PS.—There is another letter at your friend’s in the city, which goes by this conveyance, and a note in it for ——. Puff! upon the £800. I spit upon it, and as many thousands from the same quarter. Are you mad? No, but I, in misfortune as in prosperity, am unlike the rest of the world; and I shall give sufficient proof that I defy it altogether.

Lady Hester Stanhope to Dr. ——.

Djoun, January 6, 1827.

I have received your letters of the 17th September and 18th of October of last year safe. You will inquire for a letter of mine directed to Coutts’s, but not in my hand; and do not say it came from me. Say nothing to any one of having received this, until you have well conned over the other: then go to B., insist upon seeing him, saying it is of the utmost importance.

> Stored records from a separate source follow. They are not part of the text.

(* Let $B\wr\mathcal{H}(d)$ be a quantum wreath product as in the context, and suppose $B$ has an algebra anti-automorphism $b\mapsto b^*$; extend it factorwise to $B^{\otimes k}$. Let $A$ be the free associative $K$-algebra generated by $B^{\otimes d}$ and symbols $H_1,\dots,H_{d-1}$, and let $*:A\to B\wr\mathcal{H}(d)$ be the algebra anti-homomorphism with $b_1\otimes\cdots\otimes b_d\mapsto b_1^*\otimes\cdots\otimes b_d^*$ and $H_i\mapsto H_i$. Then $*$ induces an anti-homomorphism $B\wr\mathcal{H}(d)\to B\wr\mathcal{H}(d)$ if and only if (1) $\sigma(S^* )=S$ and $\rho(S^* )+R^*=R$; (2) for all $b\in B\otimes B$: $\sigma(\sigma(b)^* )=b^*$ and $\rho(\sigma(b)^* )+\rho(b)^*=0$. In this case $*$ is an anti-automorphism of $B\wr\mathcal{H}(d)$.
   Context: Let $K$ be a commutative ring and $B$ a unital associative $K$-algebra, free over $K$; tensor products over $K$. Fix $d\ge2$, $S,R\in B\otimes B$ and $K$-linear maps $\sigma,\rho:B\otimes B\to B\otimes B$. For $Z\in B\otimes B$, $Z_i:=1^{\otimes(i-1)}\otimes Z\otimes1^{\otimes(d-i-1)}\in B^{\otimes d}$; for $\phi\in\mathrm{End}_K(B\otimes B)$, $\phi_i$ is $\phi$ applied to tensor factors $i,i+1$ of $B^{\otimes d}$. The quantum wreath product $B\wr\mathcal{H}(d)$ is the unital $K$-algebra generated by the algebra $B^{\otimes d}$ and $H_1,\dots,H_{d-1}$ subject to $H_kH_{k+1}H_k=H_{k+1}H_kH_{k+1}$, $H_iH_j=H_jH_i$ ($|i-j|\ge2$), $H_i^2=S_iH_i+R_i$, $H_ib=\sigma_i(b)H_i+\rho_i(b)$ ($b\in B^{\otimes d}$). With $H_w$ defined via reduced expressions of $w\in\Sigma_d$, it is assumed that $B\wr\mathcal{H}(d)$ has a PBW basis $\{(b_{j_1}\otimes\cdots\otimes b_{j_d})H_w\}$ for a $K$-basis $\{b_j\}$ of $B$. *)

From HB Require Import structures.
From mathcomp Require Import all_boot all_order all_fingroup all_algebra.
Set Implicit Arguments. Unset Strict Implicit. Unset Printing Implicit Defensive.
Import GRing.Theory.
Local Open Scope ring_scope.

Section QWP.
Variable K : comNzRingType.

Definition klinear (M N : lmodType K) (f : M -> N) :=
  forall (a : K) (x y : M), f (a *: x + y) = a *: f x + f y.

Definition alg_hom (A C : algType K) (f : A -> C) :=
  [/\ klinear f, (forall x y, f (x * y) = f x * f y) & f 1 = 1].
Definition alg_antihom (A C : algType K) (f : A -> C) :=
  [/\ klinear f, (forall x y, f (x * y) = f y * f x) & f 1 = 1].
Definition alg_antiaut (A : algType K) (f : A -> A) :=
  alg_antihom f /\ bijective f.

The note, which I told you in my letter of yesterday would be enclosed in this, I have burnt, for fear of accidents. Notwithstanding, in the event of my being mistaken, in order that all may be clear to you, I have sent you enclosed more notes. In the letter of the 5th you will find my ultimate resolves. I hope and trust not in them.

I have read over your letters again. Never did I tell X. to ask for a place, or recommend him, more than saying he had acted generously and kindly by me, which I then believed.

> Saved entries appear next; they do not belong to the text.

(* For $a\in[1,2]$ and $b>1$ define $g(a,b)=x\,x_1+y\,y_1$, where $$x=\frac{\sqrt{a^2-1}\,(a^3-8)}{a^6},\quad x_1=(\sqrt{a^2-1}-\sqrt{b^2-1})^3+a^3,\quad y=\frac{\sqrt{b^2-1}\,(b^3-8)}{b^6},\quad y_1=(\sqrt{a^2-1}-\sqrt{b^2-1})^3+b^3.$$ Then for every $a\in(1,2)$ there exists a unique $b=\hat b(a)\in(\sqrt2,5/2)$ such that $g(a,b)<0$ for $\sqrt2<b<\hat b(a)$, $g(a,\hat b(a))=0$, and $g(a,b)>0$ for $\hat b(a)<b<5/2$. *)

From Stdlib Require Import Reals Lra.
Open Scope R_scope.

Definition g (a b : R) : R :=
  let sa := sqrt (a ^ 2 - 1) in
  let sb := sqrt (b ^ 2 - 1) in
  let x := sa * (a ^ 3 - 8) / a ^ 6 in
  let x1 := (sa - sb) ^ 3 + a ^ 3 in
  let y := sb * (b ^ 3 - 8) / b ^ 6 in
  let y1 := (sa - sb) ^ 3 + b ^ 3 in
  x * x1 + y * y1.

(* With u = a + sqrt (a^2 - 1) one has a = (u + 1/u)/2 and sqrt (a^2 - 1) = (u - 1/u)/2, so at
   the rational point b0 = 965/387, where sqrt (b0^2 - 1) = 884/387 because
   965^2 - 387^2 = 884^2, the value g(a, b0) is a positive multiple of a polynomial in u
   which is positive for 1 <= u <= 15/4.  Since g(a, sqrt 2) < 0, the intermediate value
   theorem gives a zero in (sqrt 2, b0).  Uniqueness and the sign pattern come from
   dg/db > 0 on [5/4, 5/2]: multiplied by t b^7, t = sqrt (b^2 - 1), the derivative is a
   nonnegative term plus an expression that [(s - t)^3 >= - t^3] and [2 b t <= 2 b^2 - 1]
   bound below by one-variable polynomials in b.
   Positivity of a polynomial on an interval is checked by computation: after rescaling
   the variable, Taylor-expand at each integer point and compare the constant coefficient
   with the total mass of the negative coefficients. *)

From Stdlib Require Import Reals Lra Lia ZArith List Ranalysis5.
From Coquelicot Require Import Coquelicot.
Import ListNotations.
Open Scope R_scope.

Fixpoint peval (p : list Z) (x : R) : R :=
  match p with
  | [] => 0
  | c :: q => IZR c + x * peval q x
  end.

Fixpoint padd (p q : list Z) : list Z :=
  match p, q with
  | [], _ => q
  | _, [] => p
  | c :: p', d :: q' => (c + d)%Z :: padd p' q'
  end.

Lemma peval_padd p q x : peval (padd p q) x = peval p x + peval q x.
Proof.
  revert q; induction p as [|c p IH]; intros [|d q]; simpl; try ring.
  rewrite plus_IZR, IH; ring.
Qed.

Lemma peval_map_mul k p x : peval (map (Z.mul k) p) x = IZR k * peval p x.
Proof. induction p as [|c p IH]; simpl; [ring|]. rewrite mult_IZR, IH; ring. Qed.

Fixpoint ptaylor (k : Z) (p : list Z) : list Z :=
  match p with
  | [] => []
  | c :: q => let r := ptaylor k q in padd [c] (padd (0%Z :: r) (map (Z.mul k) r))
  end.

Lemma peval_ptaylor k p x : peval (ptaylor k p) x = peval p (IZR k + x).
Proof.
  induction p as [|c p IH]; [simpl; ring|].
  cbn [ptaylor]. rewrite !peval_padd, peval_map_mul. simpl. rewrite IH; ring.
Qed.

Fixpoint rescale (m : Z) (p : list Z) : list Z :=
  match p with
  | [] => []
  | c :: q => (c * m ^ Z.of_nat (length q))%Z :: rescale m q
  end.

Lemma peval_rescale m p x :
  peval (rescale m p) (IZR m * x) = IZR m ^ pred (length p) * peval p x.
Proof.
  induction p as [|c q IH]; [simpl; ring|].
  cbn [rescale peval length]. rewrite mult_IZR, <- pow_IZR, IH.
  destruct q; simpl; ring.
Qed.

Fixpoint neg_mass (p : list Z) : Z :=
  match p with
  | [] => 0
  | c :: q => Z.max 0 (- c) + neg_mass q
  end.

Lemma neg_mass_nonneg p : (0 <= neg_mass p)%Z.
Proof. induction p as [|c p IH]; simpl; lia. Qed.

Lemma peval_ge_neg_mass p x : 0 <= x <= 1 -> - IZR (neg_mass p) <= peval p x.
Proof.
  intros Hx; induction p as [|c p IH]; simpl; [lra|].
  rewrite plus_IZR.
  assert (IZR (- c) <= IZR (Z.max 0 (- c)) /\ 0 <= IZR (Z.max 0 (- c)))
    as [Hc Hc0] by (split; apply IZR_le; lia).
  pose proof (IZR_le _ _ (neg_mass_nonneg p)).
  rewrite opp_IZR in Hc. nra.
Qed.

Definition pos_on_unit (p : list Z) : bool :=
  match p with
  | [] => false
  | c :: q => Z.ltb (neg_mass q) c
  end.

Lemma pos_on_unit_spec p x : pos_on_unit p = true -> 0 <= x <= 1 -> 0 < peval p x.
Proof.
  destruct p as [|c q]; simpl; [discriminate|].
  intros Hc%Z.ltb_lt%IZR_lt Hx.
  pose proof (peval_ge_neg_mass q x Hx). pose proof (IZR_le _ _ (neg_mass_nonneg q)).
  nra.
Qed.

Fixpoint pos_on_pieces (p : list Z) (k : Z) (n : nat) : bool :=
  match n with
  | O => true
  | S n => pos_on_unit (ptaylor k p) && pos_on_pieces p (k + 1) n
  end.

Lemma pos_on_pieces_spec p k n x :
  pos_on_pieces p k n = true -> (0 < n)%nat -> IZR k <= x <= IZR k + INR n ->
  0 < peval p x.
Proof.
  revert k; induction n as [|n IH]; intros k; simpl; [lia|].
  intros [Hk Hrest]%andb_prop _ Hx.
  destruct (Rle_lt_dec x (IZR k + 1)) as [Hle|Hgt].
  - replace x with (IZR k + (x - IZR k)) by ring.
    rewrite <- peval_ptaylor. apply pos_on_unit_spec; [exact Hk|lra].
  - destruct n as [|n]; [simpl in Hx; lra|].
    apply (IH (k + 1)%Z Hrest); [lia|].
    rewrite plus_IZR, S_INR in *. lra.
Qed.

Definition pos_between (p : list Z) (lo hi : Z) : bool :=
  pos_on_pieces p lo (Z.to_nat (hi - lo)).

Lemma pos_between_spec p lo hi x :
  pos_between p lo hi = true -> (lo < hi)%Z -> IZR lo <= x <= IZR hi -> 0 < peval p x.
Proof.
  intros Hp Hlt Hx. apply (pos_on_pieces_spec p lo _ x Hp); [lia|].
  rewrite INR_IZR_INZ, Z2Nat.id by lia. rewrite minus_IZR. lra.
Qed.

Lemma peval_pos_of_rescaled p m lo hi x :
  pos_between (rescale m p) lo hi = true -> (0 < m)%Z -> (lo < hi)%Z ->
  IZR lo <= IZR m * x <= IZR hi -> 0 < peval p x.
Proof.
  intros Hp Hm Hlt Hx.
  pose proof (pos_between_spec _ _ _ _ Hp Hlt Hx) as H.
  rewrite peval_rescale in H.
  assert (0 < IZR m ^ pred (length p)) by (apply pow_lt, IZR_lt; exact Hm).
  nra.
Qed.

Lemma cube_le u v : u <= v -> u^3 <= v^3.
Proof.
  intros H. assert (0 <= (v - u) * ((v + u / 2)^2 + 3 * u^2 / 4)) by (apply Rmult_le_pos; nra).
  nra.
Qed.

Lemma hyperbola_param a s : a^2 - s^2 = 1 -> 0 < a + s ->
  a = (a + s + / (a + s)) / 2 /\ s = (a + s - / (a + s)) / 2.
Proof.
  intros Hh Hu. replace (/ (a + s)) with (a - s); [split; field|].
  field_simplify_eq; [nra|lra].
Qed.

Lemma sqrt_sqr_sub1 a : 1 < a < 2 ->
  0 <= sqrt (a^2 - 1) /\ sqrt (a^2 - 1) ^ 2 = a^2 - 1 /\ sqrt (a^2 - 1) ^ 2 < 3.
Proof.
  intros Ha. pose proof (sqrt_pos (a^2 - 1)).
  rewrite pow2_sqrt by nra. split; [exact H|split; [reflexivity|nra]].
Qed.

Definition g_alg (a s b t : R) : R :=
  s * (a^3 - 8) / a^6 * ((s - t)^3 + a^3) + t * (b^3 - 8) / b^6 * ((s - t)^3 + b^3).

Lemma g_alg_sqrt a b : g a b = g_alg a (sqrt (a^2 - 1)) b (sqrt (b^2 - 1)).
Proof. reflexivity. Qed.

Lemma g_sqrt2_neg a : 1 < a < 2 -> g a (sqrt 2) < 0.
Proof.
  intros Ha. destruct (sqrt_sqr_sub1 a Ha) as [Hs0 [Hs2 _]].
  rewrite g_alg_sqrt, pow2_sqrt by lra.
  replace (2 - 1) with 1 by ring. rewrite sqrt_1.
  pose proof (sqrt_pos 2). pose proof (pow2_sqrt 2 ltac:(lra)) as Hr2.
  unfold g_alg. set (r := sqrt 2) in *. set (s := sqrt (a^2 - 1)) in *.
  assert (Hr3 : r^3 = 2 * r) by (rewrite <- Hr2; ring).
  assert (Hr6 : r^6 = 8) by (replace (r^6) with ((r^2)^3) by ring; rewrite Hr2; ring).
  rewrite Hr3, Hr6.
  assert (Hr : 1 < r) by nra.
  assert (Hs : 0 < s) by nra.
  assert (Hc : -1 <= (s - 1)^3) by (pose proof (cube_le (-1) (s - 1) ltac:(lra)); lra).
  assert (Ha3 : 1 < a^3 < 8) by (split; nra).
  assert (Hx : s * (a^3 - 8) / a^6 < 0).
  { apply Rdiv_neg_pos; [nra|apply pow_lt; lra]. }
  assert (Hy : 1 * (2 * r - 8) / 8 < 0) by nra.
  nra.
Qed.

Definition b0 : R := 965 / 387.

Lemma sqrt_b0 : sqrt (b0^2 - 1) = 884 / 387.
Proof. apply sqrt_lem_1; unfold b0; lra. Qed.

Definition g_b0_poly : list Z := [-834418143968901868489347; -11436056422767585298365624;
  -54748597469253193480171977; 619680227855541954797569536; 2388567862428540926992949070;
  4560700774994706879437479696; -39149877662877787331264483148;
  -162180880370792589215452807024; -168666495787544765333517427348;
  357740079555028267295836796880; 157224818697919365332603958598;
  -188165483320995362258061557024; 44730299744496436242479951898;
  -10356068195665457361080520304; 3379076170115509436544207180;
  -663298102516976524678180464; 148359572931953919641015727;
  -11436056422767585298365624; 834418143968901868489347]%Z.

Lemma peval_g_b0_poly u : 0 < u ->
  peval g_b0_poly u = 2 * 46805487731350363080421875 * u^3 * (u^2 + 1)^6 *
    g_alg ((u + / u) / 2) ((u - / u) / 2) b0 (884 / 387).
Proof. intros Hu. unfold g_alg, b0. simpl peval. field. split; apply Rgt_not_eq; nra. Qed.

Lemma g_alg_b0_pos u : 1 <= u <= 15 / 4 ->
  0 < g_alg ((u + / u) / 2) ((u - / u) / 2) b0 (884 / 387).
Proof.
  intros Hu.
  assert (Hp : 0 < peval g_b0_poly u).
  { apply (peval_pos_of_rescaled g_b0_poly 4 4 15); [vm_compute; reflexivity|lia|lia|lra]. }
  rewrite peval_g_b0_poly in Hp by lra.
  assert (0 < u^3 * (u^2 + 1)^6) by (apply Rmult_lt_0_compat; apply pow_lt; nra).
  nra.
Qed.

Lemma g_b0_pos a : 1 < a < 2 -> 0 < g a b0.
Proof.
  intros Ha. destruct (sqrt_sqr_sub1 a Ha) as [Hs0 [Hs2 Hs3]].
  rewrite g_alg_sqrt, sqrt_b0. set (s := sqrt (a^2 - 1)) in *.
  destruct (hyperbola_param a s) as [Ea Es]; [lra|lra|].
  pose proof (g_alg_b0_pos (a + s) ltac:(nra)) as H.
  rewrite <- Ea, <- Es in H. exact H.
Qed.

(* [t b^7 y'(b)] for [y(b) = t (b^3 - 8) / b^6], [t = sqrt (b^2 - 1)]. *)
Definition dy_num (b : R) : R := b^2 * (b^3 - 8) + (b^2 - 1) * (48 - 3 * b^3).

Lemma dy_num_pos b : 5 / 4 <= b <= 5 / 2 -> 0 < dy_num b.
Proof.
  intros Hb. replace (dy_num b) with (peval [-48; 0; 40; 3; 0; -2]%Z b)
    by (unfold dy_num; simpl; ring).
  apply (peval_pos_of_rescaled _ 4 5 10); [vm_compute; reflexivity|lia|lia|lra].
Qed.

Lemma dg_core_le2_bound_pos b : 5 / 4 <= b <= 2 ->
  0 < 2 * b * (dy_num b * b^3 + 3 * b^3 * (b^2 - 1) * (b^3 - 8))
      - (2 * b^2 - 1) * dy_num b * (b^2 - 1).
Proof.
  intros Hb. match goal with |- 0 < ?e =>
    replace e with (peval [48; 0; -184; -3; 168; 11; -48; -12; 0; 6]%Z b)
      by (unfold dy_num; simpl; ring) end.
  apply (peval_pos_of_rescaled _ 4 5 8); [vm_compute; reflexivity|lia|lia|lra].
Qed.

Definition dg_core (s t b : R) : R :=
  let u := s - t in
  -3 * u^2 * t * b^2 * (b^3 - 8) + (b^2 * (b^3 - 8) + t^2 * (48 - 3 * b^3)) * (u^3 + b^3)
  + 3 * b^3 * t^2 * (b^3 - 8).

Lemma dg_core_pos_le2 s t b : 0 <= s -> 0 < t -> t^2 = b^2 - 1 -> 5 / 4 <= b <= 2 ->
  0 < dg_core s t b.
Proof.
  intros Hs Ht Htt Hb. unfold dg_core.
  replace (b^2 * (b^3 - 8) + t^2 * (48 - 3 * b^3)) with (dy_num b)
    by (rewrite Htt; unfold dy_num; ring).
  pose proof (dy_num_pos b ltac:(lra)) as HN.
  pose proof (dg_core_le2_bound_pos b Hb) as HT.
  set (N := dy_num b) in *.
  assert (Hu3 : - t^3 <= (s - t)^3) by (pose proof (cube_le (- t) (s - t) ltac:(lra)); lra).
  assert (H8 : b^3 - 8 <= 0) by (pose proof (cube_le b 2 ltac:(lra)); lra).
  (* AM-GM: 2 b t <= b^2 + t^2 *)
  assert (Hbt : 2 * b * t <= 2 * b^2 - 1) by nra.
  assert (H1 : 0 <= -3 * (s - t)^2 * t * b^2 * (b^3 - 8)).
  { assert (0 <= (s - t)^2 * t * b^2 * (8 - b^3)).
    { apply Rmult_le_pos; [|lra]. apply Rmult_le_pos; [|nra].
      apply Rmult_le_pos; [apply pow2_ge_0|lra]. }
    lra. }
  assert (H2 : N * (b^3 - t^3) <= N * ((s - t)^3 + b^3)) by nra.
  assert (H3 : 0 < N * (b^3 - t^3) + 3 * b^3 * t^2 * (b^3 - 8)).
  { replace (t^3) with (t * t^2) by ring. rewrite Htt.
    assert (2 * b * t * (N * (b^2 - 1)) <= (2 * b^2 - 1) * (N * (b^2 - 1)))
      by (apply Rmult_le_compat_r; nra).
    nra. }
  lra.
Qed.

Lemma dg_core_pos_ge2 s t b : 0 <= s -> s^2 < 3 -> 0 < t -> t^2 = b^2 - 1 -> 2 <= b <= 5 / 2 ->
  0 < dg_core s t b.
Proof.
  intros Hs Hs3 Ht Htt Hb. unfold dg_core.
  replace (b^2 * (b^3 - 8) + t^2 * (48 - 3 * b^3)) with (dy_num b)
    by (rewrite Htt; unfold dy_num; ring).
  pose proof (dy_num_pos b ltac:(lra)) as HN.
  assert (H8 : 0 <= b^3 - 8) by (pose proof (cube_le 2 b ltac:(lra)); lra).
  assert (Hst : s < t) by nra.
  assert (Htb : t < b) by nra.
  assert (Hu3 : - t^3 <= (s - t)^3) by (pose proof (cube_le (- t) (s - t) ltac:(lra)); lra).
  assert (Htb3 : t^3 < b^3) by (pose proof (cube_le t b ltac:(lra)); nra).
  assert (H1 : -3 * t^3 * b^2 * (b^3 - 8) <= -3 * (s - t)^2 * t * b^2 * (b^3 - 8)).
  { assert (0 <= t * b^2 * (b^3 - 8)) by (apply Rmult_le_pos; nra).
    assert ((s - t)^2 <= t^2) by nra. nra. }
  assert (H2 : 0 <= 3 * b^2 * t^2 * (b^3 - 8) * (b - t)).
  { apply Rmult_le_pos; [|lra]. apply Rmult_le_pos; [|lra]. nra. }
  assert (0 < dy_num b * ((s - t)^3 + b^3)) by (apply Rmult_lt_0_compat; lra).
  nra.
Qed.

Definition dg (a s b t : R) : R :=
  (-3 * (s * (a^3 - 8) / a^6) * (s - t)^2 * b^8 + dg_core s t b) / (t * b^7).

Lemma g_derivable a b : a <> 0 -> 1 < b ->
  derivable_pt_lim (g a) b (dg a (sqrt (a^2 - 1)) b (sqrt (b^2 - 1))).
Proof.
  intros Ha Hb. apply is_derive_Reals. unfold g. cbv zeta. auto_derive.
  - assert (0 < b * (b * 1) + - (1)) by nra.
    repeat split; try lra. apply Rgt_not_eq. repeat apply Rmult_lt_0_compat; lra.
  - replace (b * (b * 1) + - (1)) with (b^2 - 1) by ring.
    replace (a * (a * 1) - 1) with (a^2 - 1) by ring.
    assert (Ht : 0 < sqrt (b^2 - 1)) by (apply sqrt_lt_R0; nra).
    unfold dg, dg_core. field. repeat split; lra.
Qed.

Lemma dg_pos a s b t : 1 < a < 2 -> 0 <= s -> s^2 < 3 -> 0 < t -> t^2 = b^2 - 1 ->
  5 / 4 <= b <= 5 / 2 -> 0 < dg a s b t.
Proof.
  intros Ha Hs Hs3 Ht Htt Hb. unfold dg.
  apply Rdiv_lt_0_compat; [|apply Rmult_lt_0_compat; [lra|apply pow_lt; lra]].
  assert (Hx : s * (a^3 - 8) / a^6 <= 0).
  { apply Rmult_le_0_r; [|apply Rlt_le, Rinv_0_lt_compat, pow_lt; lra].
    assert (a^3 < 8) by nra. nra. }
  assert (0 <= (s - t)^2 * b^8) by (apply Rmult_le_pos; [apply pow2_ge_0|apply pow_le; lra]).
  assert (0 < dg_core s t b).
  { destruct (Rle_lt_dec b 2).
    - apply dg_core_pos_le2; lra.
    - apply dg_core_pos_ge2; lra. }
  nra.
Qed.

Lemma g_increasing a b1 b2 : 1 < a < 2 -> 5 / 4 <= b1 -> b1 < b2 -> b2 <= 5 / 2 ->
  g a b1 < g a b2.
Proof.
  intros Ha Hb1 H12 Hb2. destruct (sqrt_sqr_sub1 a Ha) as [Hs0 [_ Hs3]].
  destruct (MVT_cor2 (g a) (fun b => dg a (sqrt (a^2 - 1)) b (sqrt (b^2 - 1))) b1 b2 H12)
    as [c [Ec Hc]].
  { intros c Hc. apply g_derivable; lra. }
  assert (0 < dg a (sqrt (a^2 - 1)) c (sqrt (c^2 - 1))).
  { apply dg_pos; try lra.
    - apply sqrt_lt_R0; nra.
    - apply pow2_sqrt; nra. }
  nra.
Qed.

Lemma increasing_sign_change (f : R -> R) (l m r : R) :
  l < m < r ->
  (forall x y, l <= x -> x < y -> y <= r -> f x < f y) ->
  (forall x, l <= x <= m -> continuity_pt f x) ->
  f l < 0 -> 0 < f m ->
  exists! z, l < z < r /\ (forall x, l < x < z -> f x < 0) /\ f z = 0 /\
    (forall x, z < x < r -> f x > 0).
Proof.
  intros Hlmr Hinc Hcont Hl Hm.
  destruct (IVT_interv f l m Hcont ltac:(lra) Hl Hm) as [z [Hz Hfz]].
  assert (l < z < m).
  { split; apply Rnot_le_lt; intros Hle.
    - replace z with l in Hfz by lra. lra.
    - replace z with m in Hfz by lra. lra. }
  exists z. split.
  - split; [lra|]. split; [|split; [exact Hfz|]].
    + intros x Hx. rewrite <- Hfz. apply Hinc; lra.
    + intros x Hx. rewrite <- Hfz. apply Rlt_gt, Hinc; lra.
  - intros z' [Hz' [_ [Hfz' _]]].
    destruct (Rtotal_order z z') as [Hlt|[Heq|Hgt]]; [|exact Heq|].
    + pose proof (Hinc z z' ltac:(lra) Hlt ltac:(lra)). lra.
    + pose proof (Hinc z' z ltac:(lra) Hgt ltac:(lra)). lra.
Qed.

Theorem lemma4 : forall a : R, 1 < a < 2 ->
  exists! bh : R, sqrt 2 < bh < 5 / 2 /\
    (forall b, sqrt 2 < b < bh -> g a b < 0) /\
    g a bh = 0 /\
    (forall b, bh < b < 5 / 2 -> g a b > 0).
Proof.
  intros a Ha.
  assert (Hr : 5 / 4 < sqrt 2 < b0).
  { pose proof (sqrt_pos 2). pose proof (pow2_sqrt 2 ltac:(lra)). unfold b0. nra. }
  apply (increasing_sign_change (g a) (sqrt 2) b0 (5 / 2)).
  - unfold b0 in *; lra.
  - intros x y Hx Hxy Hy. apply g_increasing; lra.
  - intros x Hx. apply derivable_continuous_pt.
    eexists. apply g_derivable; lra.
  - exact (g_sqrt2_neg a Ha).
  - exact (g_b0_pos a Ha).
Qed.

As for my debts, it is not, as you think, 25 per cent. yearly that I have to pay, but 50 and 95, and, in one instance, I have suffered more loss still. Gold of 28½ piasters they counted to me here at 45, which I spent at 28½, and am to repay at Beyrout at the rate of 45—calculate that. I was compelled to borrow; for I can’t eat silk, and that is all that is to be found here. Had those, who ought, then given a clear answer, things would not have been thus: but so it is written; I was to be a beggar. Be it so! All situations have their blessings, with the grace of God; it is uncertainty which is torture: but now my mind is made up. I have saved a mid[9] of the corn of the Beni-Israel, having no more land to sow. When in ear, ripe or not ripe, I shall cut it and be off, and give up my present and future income to my creditors for my life. Perhaps they may gain two hundred per cent.

Should the other letter be lost, burn this; hold your tongue, and say you have not heard from me; for this is of no use without the other, which contains full explanations, and for which reason you may be commanded to say that you have not heard from me. The loss will change nothing. I shall follow my fate, and be far off, I hope, before new lies arrive.

Not that I credit any change,—but, in case of a happy turn of events, I have said all this to provide for all cases, that you may not be embarrassed how to act. But I have little or no hope. I am no dupe to the tricks played me; who could be, who had one grain of common sense? A child of seven years old, well brought up, must at once see how unlikely—how impossible—it was that I should have applied for money to those who, from the hour I have first known them, have been themselves involved, or to that one[10] whom admiration and respect give me confidence in, and not intimacy. How could any human being credit that, with my independent character, I could stoop to receive one farthing from relations who have behaved to me like mine ..., and who, for years and years, have been upon the footing of strangers?

What an affliction to me is the sad news you wrote! Poor dear angel! what a heart! May he inhabit the seventh heaven![11]